[GIVEN RECORDS]
(* Let $\sigma$ be an ergodic measure-preserving transformation of $(\Omega,\mathbb P)$ and $A\colon\Omega\to M_{d\times d}(\mathbb R)$ measurable with $\log^+\|A(\omega)\|$ integrable. There exists $C>0$ such that for all $\eta_0>0$ there exists $\epsilon_0>0$ such that for all $0<\epsilon<\epsilon_0$ there is a measurable $G\subseteq\Omega$ with $\mathbb P(G)\ge1-\eta_0$ such that for all $\omega\in G$ and all sequences $(\Delta_n)\in U^{\mathbb Z}$, $$\big\|(A(\sigma^{N-1}\omega)+\epsilon\Delta_{N-1})\cdots(A(\omega)+\epsilon\Delta_0)-A(\sigma^{N-1}\omega)\cdots A(\omega)\big\|\le1,$$ where $N=\lfloor C|\log\epsilon|\rfloor$.
   Context: Norms are operator norms; $U=\{M\in M_{d\times d}(\mathbb R):\|M\|\le1\}$. *)

From HB Require Import structures.
From mathcomp Require Import all_boot all_order all_algebra.
From mathcomp Require Import all_classical all_reals all_analysis.
Set Implicit Arguments. Unset Strict Implicit. Unset Printing Implicit Defensive.
Import Order.TTheory GRing.Theory Num.Theory.
Local Open Scope classical_set_scope.
Local Open Scope ring_scope.

Definition vnorm (R : realType) (d : nat) (v : 'cV[R]_d) : R :=
  Num.sqrt (\sum_(i < d) v i 0 ^+ 2).

Definition opnorm (R : realType) (d : nat) (M : 'M[R]_d) : R :=
  sup [set vnorm (M *m v) | v in [set v : 'cV[R]_d | vnorm v <= 1]].

Definition logplus (R : realType) (x : R) : R := Num.max 0 (ln x).

Fixpoint lprod (R : realType) (d : nat) (B : nat -> 'M[R]_d) (n : nat) : 'M[R]_d :=
  match n with
  | 0 => 1%:M
  | n'.+1 => B n' *m lprod B n'
  end.

Definition measure_preserving (R : realType) (dsp : measure_display)
  (T : measurableType dsp) (P : probability T R) (sigma : T -> T) : Prop :=
  measurable_fun setT sigma /\
  forall B : set T, measurable B -> P (sigma @^-1` B) = P B.

Definition ergodic (R : realType) (dsp : measure_display)
  (T : measurableType dsp) (P : probability T R) (sigma : T -> T) : Prop :=
  forall B : set T, measurable B -> sigma @^-1` B = B ->
    P B = 0%E \/ P B = 1%E.

(* Write B k for A (sigma^k w) and E k for the perturbations, with opnorm (E k) <= eps.
   Induction on N gives
     opnorm (prod (B + E) - prod B) <= N eps prod (opnorm B k + 1)
                                   <= N eps exp (sum_(k < N) (log^+ opnorm B k + 1)).
   The only ergodic input is an upper bound in probability on the Birkhoff sums S_N of
   f = log^+ opnorm A + 1: for L > int f, S_N <= L N outside a set of measure eta once N
   is large.  With C = 1/(2L) and N <= C |ln eps| the exponential is at most eps^(-1/2),
   so the difference is at most N sqrt eps <= 1.
   The bound on S_N avoids Birkhoff's theorem.  By Markov's inequality and ergodicity,
   almost every point has liminf S_n / n < L.  Cutting the orbit into blocks of length
   at most K on which the average of f is below L, except at the points where no such
   block starts, bounds S_N by L (N + K) plus the Birkhoff sum of f restricted to those
   exceptional points; the integral of the latter tends to 0 with K by dominated
   convergence, and Markov's inequality concludes. *)

From HB Require Import structures.
From mathcomp Require Import all_boot all_order all_algebra.
From mathcomp Require Import all_classical all_reals all_analysis.
From mathcomp Require Import ring lra zify measurable_realfun.
Set Implicit Arguments. Unset Strict Implicit. Unset Printing Implicit Defensive.
Import Order.TTheory GRing.Theory Num.Theory.
Local Open Scope classical_set_scope.
Local Open Scope ring_scope.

[TASK REQUIREMENTS]
Once the line with "Definition vnorm (R" is found in the records above, print exactly that line and every line after it through the line with "1/(2L) and N".

[SOLUTION FOR THIS PROBLEM]
Definition vnorm (R : realType) (d : nat) (v : 'cV[R]_d) : R :=
  Num.sqrt (\sum_(i < d) v i 0 ^+ 2).

Definition opnorm (R : realType) (d : nat) (M : 'M[R]_d) : R :=
  sup [set vnorm (M *m v) | v in [set v : 'cV[R]_d | vnorm v <= 1]].

Definition logplus (R : realType) (x : R) : R := Num.max 0 (ln x).

Fixpoint lprod (R : realType) (d : nat) (B : nat -> 'M[R]_d) (n : nat) : 'M[R]_d :=
  match n with
  | 0 => 1%:M
  | n'.+1 => B n' *m lprod B n'
  end.

Definition measure_preserving (R : realType) (dsp : measure_display)
  (T : measurableType dsp) (P : probability T R) (sigma : T -> T) : Prop :=
  measurable_fun setT sigma /\
  forall B : set T, measurable B -> P (sigma @^-1` B) = P B.

Definition ergodic (R : realType) (dsp : measure_display)
  (T : measurableType dsp) (P : probability T R) (sigma : T -> T) : Prop :=
  forall B : set T, measurable B -> sigma @^-1` B = B ->
    P B = 0%E \/ P B = 1%E.

(* Write B k for A (sigma^k w) and E k for the perturbations, with opnorm (E k) <= eps.
   Induction on N gives
     opnorm (prod (B + E) - prod B) <= N eps prod (opnorm B k + 1)
                                   <= N eps exp (sum_(k < N) (log^+ opnorm B k + 1)).
   The only ergodic input is an upper bound in probability on the Birkhoff sums S_N of
   f = log^+ opnorm A + 1: for L > int f, S_N <= L N outside a set of measure eta once N
   is large.  With C = 1/(2L) and N <= C |ln eps| the exponential is at most eps^(-1/2),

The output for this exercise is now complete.